§ What to do:
Only an exact copy of the records, from the line with "(H : R -> M2) : Prop" through the last line, is wanted.

§ Records for processing:
• • •

Lemma tsk_scale (R : realType) (c : R) T i : (i < size T)%N ->
  tsk (scale c T) i = Task (c * sig (tsk T i)) (c * par (tsk T i)) (arr (tsk T i)).
Proof. by move=> lt_i; rewrite /tsk (nth_map (Task 0 0 0)). Qed.

Lemma scale_valid (R : realType) p (c : R) T : 0 < c ->
  valid_instance p T -> valid_instance p (scale c T).
Proof.
move=> c_gt0 [T_sorted T_all]; split; first by rewrite sorted_map.
rewrite all_map; apply: sub_all T_all => tau /and3P[arr_ge0 sig_gt0 ratio] /=.
by rewrite arr_ge0 mulr_gt0 // -mulf_div divff ?gt_eqF // mul1r.
Qed.

Lemma TRT_OPT_le_TRT (R : realType) p (T : seq (task R)) (S : schedule R) :
  valid_instance p T -> valid_schedule p T S -> TRT_OPT p T <= TRT T S.
Proof.
move=> T_valid S_valid; apply: ge_inf; last by exists S.
by exists 0 => _ [S' S'_valid <-]; apply: TRT_ge0 S'_valid.
Qed.

Section Ramp.
Variables (R : realType) (r w : R).
Hypotheses (r_gt0 : 0 < r) (w_gt0 : 0 < w).

Definition ramp (s : R) : R := Num.min (r * Num.max s 0) w.

Lemma ramp_le0 s : s <= 0 -> ramp s = 0.
Proof. by move=> s_le0; rewrite /ramp (max_r s_le0) mulr0 (min_l (ltW w_gt0)). Qed.

Lemma ramp_le s u : s <= u -> ramp s <= ramp u.
Proof.
by move=> le_su; rewrite /ramp le_min2 // ler_pM2l // le_max2.
Qed.

Lemma ramp_lipschitz s u : s <= u -> ramp u - ramp s <= r * (u - s).
Proof.
move=> le_su; rewrite /ramp.
have max_lip : Num.max u 0 - Num.max s 0 <= u - s.
  by rewrite /Num.max; case: ifP; case: ifP; lra.
have lip : r * Num.max u 0 - r * Num.max s 0 <= r * (u - s).
  by rewrite -mulrBr ler_pM2l.
have mono : r * Num.max s 0 <= r * Num.max u 0.
  by rewrite ler_pM2l // le_max2.
have lip_ge0 : 0 <= r * (u - s) by rewrite mulr_ge0 ?subr_ge0 // ltW.
move: lip mono lip_ge0; set a := r * _ u _; set b := r * _ s _; set d := r * _.
by case: (leP a w); case: (leP b w); lra.
Qed.

Lemma ramp_end : ramp (w / r) = w.
Proof.
by rewrite /ramp max_l ?divr_ge0 ?ltW // mulrC divfK ?gt_eqF // minxx.
Qed.

Lemma ramp_lt s : s < w / r -> ramp s < w.
Proof.
move=> lt_s; rewrite /ramp gt_min; apply/orP; left.
by have [_|_] := leP s 0; rewrite ?mulr0 // mulrC -ltr_pdivlMr.
Qed.

End Ramp.

Section RateSchedule.
Variables (R : realType) (T : seq (task R)) (b : nat -> bool) (r : nat -> R).
Variables nu mu : seq nat.

Local Notation q := (size nu).
Local Notation p := (size mu).
Local Notation s := (size (conj_part nu)).
Local Notation r := (size (conj_part mu)).
Local Notation N := (q + p + (s + r)).

(* Positions [j < q + p] index the columns of [A], the others the remaining
   columns of [D]; [col_of j] is the column of [D] placed at position [j]. *)
Definition col_of (j : nat) : nat :=
  if j < q then j
  else if j < q + p then q + s + (p + q - 1 - j)
  else if j < q + p + s then q + s - 1 - (j - (q + p))
  else q + s + (p + (j - (q + p) - s)).

Lemma col_of_lt j : j < N -> col_of j < N.
Proof. by rewrite /col_of; repeat case: ifP; lia. Qed.

Lemma col_of_inj j k : j < N -> k < N -> col_of j = col_of k -> j = k.
Proof. by rewrite /col_of; repeat case: ifP; lia. Qed.

Definition col_ord (j : 'I_N) : 'I_N := Ordinal (col_of_lt (ltn_ord j)).

Lemma col_ord_inj : injective col_ord.
Proof. by move=> j k /(congr1 val) /= /col_of_inj eq_jk; apply/val_inj/eq_jk. Qed.

Definition rho : 'S_N := perm col_ord_inj.

Lemma rhoE j : val (rho j) = col_of j.
Proof. by rewrite permE. Qed.

Definition block_shuffle (L : nat) : nat :=
  if L < q + s then beta_shuffle nu q L else q + s + beta_shuffle mu p (L - (q + s)).

Lemma block_shuffle_perm : sorted geq nu -> sorted geq mu ->
  exists tau : 'S_N,
    (forall L : 'I_N, val (tau L) = block_shuffle L) /\ odd_perm tau = odd (sumn nu + sumn mu).
Proof.
move=> nu_sorted mu_sorted.
have parts_le la : all (fun x => x <= size (conj_part la)) la.
  by apply/allP => x; rewrite size_conj_part; apply: leq_foldr_maxn.
have [sv [svE odd_sv]] := beta_shuffle_perm nu_sorted (leqnn q) (parts_le nu).
have [sm [smE odd_sm]] := beta_shuffle_perm mu_sorted (leqnn p) (parts_le mu).
have eqN : q + s + (p + r) = N by lia.
exists (cast_perm eqN (dsum_perm sv sm)); split => [L|]; last first.
  by rewrite odd_cast_perm odd_dsum_perm odd_sv odd_sm oddD.
rewrite cast_permE /= permE /dsum_perm_fun /block_shuffle.
case: splitP => [x | y] /= ->; first by rewrite svE ltn_ord.
by rewrite smE ifN ?addKn //; lia.
Qed.

Definition row_of (i : nat) : nat := block_shuffle (col_of i).
(* Fix $\mu\in(0,\mu_0]$ and suppose there are constants $p\ge0$, $\rho>0$ with $|f(\xi)-f'(0)\xi|\le p|\xi|^2$ for all $|\xi|\le\rho$, and that $\mu\sup_{t\ge0}|\Delta\tilde\varphi(t)|<\frac{1}{8h_{\max}(\mu)}$ and $\mu(|\Delta\tilde\beta|\mu+|\Delta\alpha|)<\frac{1}{8h_{\max}(\mu)}$. Then the zero solution of $$\bar y''+(\alpha+\Delta\alpha)\mu\bar y'+\big((\beta+\Delta\beta)\mu^2+\mu(\varphi(t)+\Delta\varphi(t))\big)f(\bar y)=0$$ is asymptotically stable.
   Context: Let $T>0$, $\alpha>0$, $\beta>0$ be constants, $\varphi:\mathbb{R}\to\mathbb{R}$ a continuous $T$-periodic function with $\int_0^T\varphi(s)\,ds=0$, and $f:\mathbb{R}\to\mathbb{R}$ a smooth function with $f(0)=0$ and $f'(0)<0$. Put $\tilde\beta=\beta f'(0)$, $\tilde\varphi(t)=\varphi(t)f'(0)$, and assume $$\frac{1}{T}\int_0^T\Big(\int_0^\tau\tilde\varphi(s)\,ds\Big)^2d\tau>\Big(\frac{1}{T}\int_0^T\tau\,\tilde\varphi(\tau)\,d\tau\Big)^2-\tilde\beta .$$ For $\mu>0$ let $\tilde A(t,\mu)=\begin{pmatrix}0&1\\-\tilde\beta\mu^2-\mu\tilde\varphi(t)&-\alpha\mu\end{pmatrix}$. Let $\mu_0>0$ be a number such that the zero solution of the linear equation $y''+\alpha\mu y'+(\tilde\beta\mu^2+\mu\tilde\varphi(t))y=0$ is asymptotically stable for every $\mu\in(0,\mu_0]$ (such a number exists). For fixed $\mu\in(0,\mu_0]$ let $H(t,\mu)$ be a Hermitian solution of $\frac{d}{dt}H+H\tilde A(t,\mu)+\tilde A^*(t,\mu)H=-I$ on $[0,T]$ with $H(0,\mu)=H(T,\mu)>0$, extended $T$-periodically to $[0,\infty)$; $h_{\max}(\mu)=\max_{0\le t\le T}\|H(t,\mu)\|$. The perturbations are real constants $\Delta\alpha,\Delta\beta$ and a bounded continuous function $\Delta\varphi$ on $[0,\infty)$; set $\Delta\tilde\beta=\Delta\beta\,f'(0)$, $\Delta\tilde\varphi(t)=\Delta\varphi(t)f'(0)$. $\|\cdot\|$ is the Euclidean norm / spectral matrix norm. Asymptotic stability is in the Lyapunov sense for the equivalent first-order system in $(\bar y,\bar y')$. *)

From Stdlib Require Import Reals Lra.
From Coquelicot Require Export Coquelicot.
Open Scope R_scope.

Record M2 := mkM2 { m11 : C; m12 : C; m21 : C; m22 : C }.

Definition Madd (A B : M2) : M2 :=
  mkM2 (Cplus (m11 A) (m11 B)) (Cplus (m12 A) (m12 B))
       (Cplus (m21 A) (m21 B)) (Cplus (m22 A) (m22 B)).
Definition Mopp (A : M2) : M2 :=
  mkM2 (Copp (m11 A)) (Copp (m12 A)) (Copp (m21 A)) (Copp (m22 A)).
Definition Mmul (A B : M2) : M2 :=
  mkM2 (Cplus (Cmult (m11 A) (m11 B)) (Cmult (m12 A) (m21 B)))
       (Cplus (Cmult (m11 A) (m12 B)) (Cmult (m12 A) (m22 B)))
       (Cplus (Cmult (m21 A) (m11 B)) (Cmult (m22 A) (m21 B)))
       (Cplus (Cmult (m21 A) (m12 B)) (Cmult (m22 A) (m22 B))).
Definition Madj (A : M2) : M2 :=
  mkM2 (Cconj (m11 A)) (Cconj (m21 A)) (Cconj (m12 A)) (Cconj (m22 A)).
Definition MI : M2 := mkM2 (RtoC 1) (RtoC 0) (RtoC 0) (RtoC 1).

Definition Mvec (A : M2) (z : C * C) : C * C :=
  (Cplus (Cmult (m11 A) (fst z)) (Cmult (m12 A) (snd z)),
   Cplus (Cmult (m21 A) (fst z)) (Cmult (m22 A) (snd z))).

Definition vnorm (z : C * C) : R := sqrt (Cmod (fst z) ^ 2 + Cmod (snd z) ^ 2).

Definition opnorm (A : M2) : R :=
  real (Lub_Rbar (fun r => exists z, vnorm z = 1 /\ r = vnorm (Mvec A z))).

Definition hermitian (A : M2) : Prop := Madj A = A.

Definition posdef (A : M2) : Prop :=
  hermitian A /\
  forall z : C * C, z <> (RtoC 0, RtoC 0) ->
    0 < Re (Cplus (Cmult (Cconj (fst z)) (fst (Mvec A z)))
                  (Cmult (Cconj (snd z)) (snd (Mvec A z)))).

Definition C_derive (h : R -> C) (t : R) (d : C) : Prop :=
  is_derive (fun s => Re (h s)) t (Re d) /\ is_derive (fun s => Im (h s)) t (Im d).
Definition M_derive (H : R -> M2) (t : R) (D : M2) : Prop :=
  C_derive (fun s => m11 (H s)) t (m11 D) /\ C_derive (fun s => m12 (H s)) t (m12 D) /\
  C_derive (fun s => m21 (H s)) t (m21 D) /\ C_derive (fun s => m22 (H s)) t (m22 D).

(* btil = beta f'(0), phitil t = phi t * f'(0) *)
Definition Atil (alpha btil : R) (phitil : R -> R) (mu t : R) : M2 :=
  mkM2 (RtoC 0) (RtoC 1) (RtoC (- btil * mu ^ 2 - mu * phitil t)) (RtoC (- alpha * mu)).

Definition lyap_periodic_sol (T alpha btil : R) (phitil : R -> R) (mu : R)
    (H : R -> M2) : Prop :=
  (forall t, 0 <= t <= T ->
     hermitian (H t) /\
     M_derive H t (Madd (Mopp MI)
                   (Mopp (Madd (Mmul (H t) (Atil alpha btil phitil mu t))
                               (Mmul (Madj (Atil alpha btil phitil mu t)) (H t)))))) /\
  H 0 = H T /\ posdef (H 0).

• • •

§ Task answer:
    (H : R -> M2) : Prop :=
  (forall t, 0 <= t <= T ->
     hermitian (H t) /\
     M_derive H t (Madd (Mopp MI)
                   (Mopp (Madd (Mmul (H t) (Atil alpha btil phitil mu t))
                               (Mmul (Madj (Atil alpha btil phitil mu t)) (H t)))))) /\
  H 0 = H T /\ posdef (H 0).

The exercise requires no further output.